## Requirement:
Your task is to copy the lines of the data below from the line holding "exkmc_step L u" through the line holding "[:: [seq x <- nth", inclusive, exactly and with nothing added.

[Records drawn from a dataset]
+-------+

(* Consider standard (linear-kernel) $k$-means on $\mathbb{R}$. For every $m\in\mathbb{N}$ there exist $k\in\mathbb{N}$ and a finite dataset $X\subset\mathbb{R}$ such that: the price of explainability of $X$ is $p(X)=1$; the tree produced by IMM (with reference clustering an optimal $k$-means clustering of $X$) attains $p(T_{IMM},X)=1$; but ExKMC initialized on the empty tree and run until the tree has $k$ leaves constructs a decision tree $T$ with $p(T,X)\ge m$.
   Context: $k$-means cost of a partition $C_1,\dots,C_k$ of $X$: $\sum_l\sum_{x\in C_l}\|x-c_l\|^2$ with $c_l$ the mean of $C_l$; $\mathrm{cost}_{opt}(X)$ is its minimum. The reference clustering is an optimal $k$-means partition with centers $c_1,\dots,c_k$ (its means); for $x\in X$, $c(x)$ is the center of its cluster. For a decision tree $T$ whose $k$ leaves partition $X$, $\mathrm{cost}(T,X)$ is the $k$-means cost of the leaf partition and $p(T,X)=\mathrm{cost}(T,X)/\mathrm{cost}_{opt}(X)$; $p(X)=\min_T p(T,X)$ over interpretable decision trees with $k$ leaves, i.e. trees where each internal node splits its data $X^u$ into $\{x\in X^u:x_i\in[\theta_1,\theta_2]\}$ and its complement for some coordinate $i$ and reals $\theta_1<\theta_2$. IMM: build a tree top-down; each node $u$ holds points $X^u$ and centers $\mathcal{M}^u$ (root: all). If $|\mathcal{M}^u|=1$, $u$ is a leaf; otherwise choose, among threshold cuts $x_i\le\theta$ splitting $\mathcal{M}^u$ into two nonempty parts, one minimizing the number of mistakes (points $x\in X^u$ with $c(x)\in\mathcal{M}^u$ lying on the opposite side of the cut from $c(x)$), and pass points and centers to the children accordingly. ExKMC: start with one leaf containing $X$. While the number of leaves is less than $k$: for each leaf $u$ (data $X^u$) and each cut $(i,\theta)$ with $X^u_L=\{x\in X^u:x_i\le\theta\}$, $X^u_R=\{x\in X^u:x_i>\theta\}$, let $\mathrm{cost}_{exkmc}(u,i,\theta)=\min_{j,l\in[k]}\big(\sum_{x\in X^u_L}\|x-c_j\|^2+\sum_{x\in X^u_R}\|x-c_l\|^2\big)$; choose the leaf and cut maximizing $\min_{j\in[k]}\sum_{x\in X^u}\|x-c_j\|^2-\mathrm{cost}_{exkmc}(u,i,\theta)$, and replace that leaf by its two children $X^u_L,X^u_R$. *)

From HB Require Import structures.
From mathcomp Require Import all_boot all_order all_algebra.
From mathcomp Require Import reals.
Set Implicit Arguments. Unset Strict Implicit. Unset Printing Implicit Defensive.
Import Order.TTheory GRing.Theory Num.Theory.
Local Open Scope ring_scope.

Section KMeans1D.
Variable R : realType.

Definition mean (s : seq R) : R := (\sum_(x <- s) x) / (size s)%:R.
Definition cluster_cost (s : seq R) : R := \sum_(x <- s) (x - mean s) ^+ 2.
Definition part_cost (P : seq (seq R)) : R := \sum_(C <- P) cluster_cost C.

Definition clusters (k : nat) (X : seq R) (lab : R -> 'I_k) : seq (seq R) :=
  [seq [seq x <- X | lab x == i] | i <- enum 'I_k].
Definition nonempty_clusters (k : nat) (X : seq R) (lab : R -> 'I_k) : Prop :=
  forall i : 'I_k, has (fun x => lab x == i) X.
Definition kmeans_cost (k : nat) (X : seq R) (lab : R -> 'I_k) : R :=
  part_cost (clusters X lab).

Definition is_cost_opt (k : nat) (X : seq R) (c : R) : Prop :=
  (exists lab : R -> 'I_k, nonempty_clusters X lab /\ kmeans_cost X lab = c) /\
  (forall lab : R -> 'I_k, nonempty_clusters X lab -> c <= kmeans_cost X lab).

Definition is_opt_clustering (k : nat) (X : seq R) (lab : R -> 'I_k) : Prop :=
  nonempty_clusters X lab /\
  (forall lab' : R -> 'I_k, nonempty_clusters X lab' ->
     kmeans_cost X lab <= kmeans_cost X lab').

Definition centers (k : nat) (X : seq R) (lab : R -> 'I_k) (i : 'I_k) : R :=
  mean [seq x <- X | lab x == i].

(** Interpretable decision trees on R: an internal node splits its data into
    {x | a <= x <= b} (first child) and its complement (second child), a < b. *)
Inductive itree : Type :=
| Leaf : itree
| Node : R -> R -> itree -> itree -> itree.

Fixpoint itree_wf (T : itree) : Prop :=
  match T with
  | Leaf => True
  | Node a b T1 T2 => a < b /\ itree_wf T1 /\ itree_wf T2
  end.

Fixpoint nleaves (T : itree) : nat :=
  match T with
  | Leaf => 1
  | Node _ _ T1 T2 => nleaves T1 + nleaves T2
  end.

Fixpoint leaf_part (T : itree) (X : seq R) : seq (seq R) :=
  match T with
  | Leaf => [:: X]
  | Node a b T1 T2 =>
      leaf_part T1 [seq x <- X | a <= x <= b] ++
      leaf_part T2 [seq x <- X | ~~ (a <= x <= b)]
  end.

Definition tree_cost (T : itree) (X : seq R) : R := part_cost (leaf_part T X).

Definition price_tree (copt : R) (T : itree) (X : seq R) : R := tree_cost T X / copt.

Definition price_is (k : nat) (X : seq R) (copt v : R) : Prop :=
  (exists T, itree_wf T /\ nleaves T = k /\ price_tree copt T X = v) /\
  (forall T, itree_wf T -> nleaves T = k -> v <= price_tree copt T X).

Section IMM.
Variables (k : nat) (c : 'I_k -> R) (lab : R -> 'I_k).

Definition imm_valid (Mu : seq 'I_k) (th : R) : bool :=
  has (fun i => c i <= th) Mu && has (fun i => ~~ (c i <= th)) Mu.

Definition imm_mistakes (Xu : seq R) (Mu : seq 'I_k) (th : R) : nat :=
  count (fun x => (lab x \in Mu) && ((x <= th) != (c (lab x) <= th))) Xu.

(** imm_run Xu Mu P : some execution of IMM from a node holding points Xu and
    centers Mu produces a subtree whose leaves partition Xu as P. *)
Inductive imm_run : seq R -> seq 'I_k -> seq (seq R) -> Prop :=
| imm_leaf Xu Mu : size Mu = 1%N -> imm_run Xu Mu [:: Xu]
| imm_node Xu Mu th PL PR :
    (1 < size Mu)%N ->
    imm_valid Mu th ->
    (forall th', imm_valid Mu th' ->
       (imm_mistakes Xu Mu th <= imm_mistakes Xu Mu th')%N) ->
    imm_run [seq x <- Xu | x <= th] [seq i <- Mu | c i <= th] PL ->
    imm_run [seq x <- Xu | ~~ (x <= th)] [seq i <- Mu | ~~ (c i <= th)] PR ->
    imm_run Xu Mu (PL ++ PR).
End IMM.

Section ExKMC.
Variables (k : nat) (c : 'I_k -> R).

Definition seqmin (s : seq R) : R := foldr Order.min (head 0 s) s.

Definition sqdist_sum (s : seq R) (a : R) : R := \sum_(x <- s) (x - a) ^+ 2.

Definition cost_exkmc (Xu : seq R) (th : R) : R :=
  seqmin [seq sqdist_sum [seq x <- Xu | x <= th] (c j) +
              sqdist_sum [seq x <- Xu | ~~ (x <= th)] (c l)
         | j <- enum 'I_k, l <- enum 'I_k].

Definition exkmc_gain (Xu : seq R) (th : R) : R :=
  seqmin [seq sqdist_sum Xu (c j) | j <- enum 'I_k] - cost_exkmc Xu th.

(** exkmc_run L F : starting from leaves L (list of data sets), some execution
    of ExKMC (splitting until there are k leaves) ends with leaves F. *)
Inductive exkmc_run : seq (seq R) -> seq (seq R) -> Prop :=
| exkmc_stop L : ~ (size L < k)%N -> exkmc_run L L
| exkmc_step L u th F :
    (size L < k)%N ->
    (u < size L)%N ->
    (forall u' th', (u' < size L)%N ->
       exkmc_gain (nth [::] L u') th' <= exkmc_gain (nth [::] L u) th) ->
    exkmc_run (take u L ++
               [:: [seq x <- nth [::] L u | x <= th];
                   [seq x <- nth [::] L u | ~~ (x <= th)]] ++ drop u.+1 L) F ->
    exkmc_run L F.
End ExKMC.

End KMeans1D.

(* Take k = 5 and X = {-2N, -N, -1, 1, N, 2N} with N = m + 4.  Any two points
   of X are at distance at least 2, and at least N - 1 unless they are -1 and 1,
   so the optimal clustering merges exactly -1 and 1, at cost 2, and every
   partition of X into 5 blocks (in particular every tree with 5 leaves) costs at
   least 2.  The clusters are intervals, so a threshold tree recovers them, and
   IMM always finds cuts without mistakes and recovers them too.  ExKMC instead
   scores its first cut against the fixed reference centers -2N, -N, 0, N, 2N:
   every cut that keeps -1 and 1 together is worse than the cut at 0, so the first
   cut separates -1 from 1.  They are never reunited, so some leaf of the final
   5-leaf tree holds two points at distance at least N - 1, and the tree costs at
   least (N - 1)^2 / 2 >= 2 m. *)

From HB Require Import structures.
From mathcomp Require Import all_boot all_order all_algebra.
From mathcomp Require Import reals.
From mathcomp Require Import lra zify.
Import Order.TTheory GRing.Theory Num.Theory.
Local Open Scope ring_scope.
Set Implicit Arguments. Unset Strict Implicit. Unset Printing Implicit Defensive.

Section Pigeonhole.
Variable T : eqType.

Lemma size_flatten_le (P : seq (seq T)) :
  all (fun C => size C <= 1)%N P -> (size (flatten P) <= size P)%N.
Proof.
elim: P => //= C P IH /andP[szC /IH]; rewrite size_cat; lia.
Qed.

Lemma uniq_flatten_mem (P : seq (seq T)) C :
  uniq (flatten P) -> C \in P -> uniq C.
Proof.
elim: P => //= D P IH; rewrite cat_uniq => /and3P[uD _ uP].
by rewrite inE => /predU1P[->|/IH]; last exact.
Qed.

Lemma partition_has_pair (X : seq T) (P : seq (seq T)) :
  uniq X -> perm_eq (flatten P) X -> (size P < size X)%N ->
  exists2 C, C \in P & exists x y, [/\ x \in C, y \in C & x != y].
Proof.
move=> uX pP ltPX.
have /hasP[[|x [|y C]] PC //= _] : has (fun C => 1 < size C)%N P.
  apply: contraTT ltPX => /hasPn small; rewrite -leqNgt -(perm_size pP).
  by apply/size_flatten_le/allP => C /small; rewrite -leqNgt.
have uP : uniq (flatten P) by rewrite (perm_uniq pP).
have /= /andP[] := uniq_flatten_mem uP PC.
rewrite inE negb_or => /andP[neq_xy _] _.
by exists [:: x, y & C] => //; exists x, y; rewrite !inE !eqxx orbT.
Qed.

Lemma labelling_has_pair (S : finType) (X : seq T) (lab : T -> S) :
  uniq X -> (#|S| < size X)%N ->
  exists x y, [/\ x \in X, y \in X, x != y & lab x = lab y].
Proof.
move=> uX ltSX.
have /hasP[x Xx /hasP[y Xy /andP[neq_xy /eqP]]] :
    has (fun x => has (fun y => (x != y) && (lab x == lab y)) X) X.
  apply: contraTT ltSX => /hasPn inj; rewrite -leqNgt -(size_map lab) cardE.
  apply: (@uniq_leq_size _ _ (enum S)) => [|i _]; last by rewrite mem_enum.
  rewrite map_inj_in_uniq // => x y Xx Xy eq_lab; apply/eqP.
  by move: (inj x Xx) => /hasPn /(_ y Xy); rewrite eq_lab eqxx andbT negbK.
by exists x, y.
Qed.
End Pigeonhole.

Section KMeansCost.
Variable R : realType.
Implicit Types (s X C : seq R) (P : seq (seq R)) (a x y : R).

Lemma sqdist_sum_ge0 s a : 0 <= sqdist_sum s a.
Proof. by apply: sumr_ge0 => x _; apply: sqr_ge0. Qed.

Lemma sqdist_sum_ge_pair s a x y :
  x \in s -> y \in s -> x != y -> (x - y) ^+ 2 / 2 <= sqdist_sum s a.
Proof.
move=> sx sy neq_xy; rewrite /sqdist_sum (big_rem x sx) /=.
have sy' : y \in rem x s by rewrite (rem_mem _ sy) // eq_sym.
rewrite (big_rem y sy') /=.
have := sqdist_sum_ge0 (rem y (rem x s)) a; rewrite /sqdist_sum.
have := sqr_ge0 (x + y - 2 * a); nra.
Qed.

Lemma cluster_cost_ge0 C : 0 <= cluster_cost C.
Proof. exact: sqdist_sum_ge0. Qed.

Lemma part_cost_ge_pair P C x y :
  C \in P -> x \in C -> y \in C -> x != y -> (x - y) ^+ 2 / 2 <= part_cost P.
Proof.
move=> PC Cx Cy neq_xy; apply: le_trans (sqdist_sum_ge_pair (mean C) Cx Cy neq_xy) _.
rewrite /part_cost (big_rem C PC) /= lerDl.
by apply: sumr_ge0 => D _; apply: cluster_cost_ge0.
Qed.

+-------+

## Final answer:
| exkmc_step L u th F :
    (size L < k)%N ->
    (u < size L)%N ->
    (forall u' th', (u' < size L)%N ->
       exkmc_gain (nth [::] L u') th' <= exkmc_gain (nth [::] L u) th) ->
    exkmc_run (take u L ++
               [:: [seq x <- nth [::] L u | x <= th];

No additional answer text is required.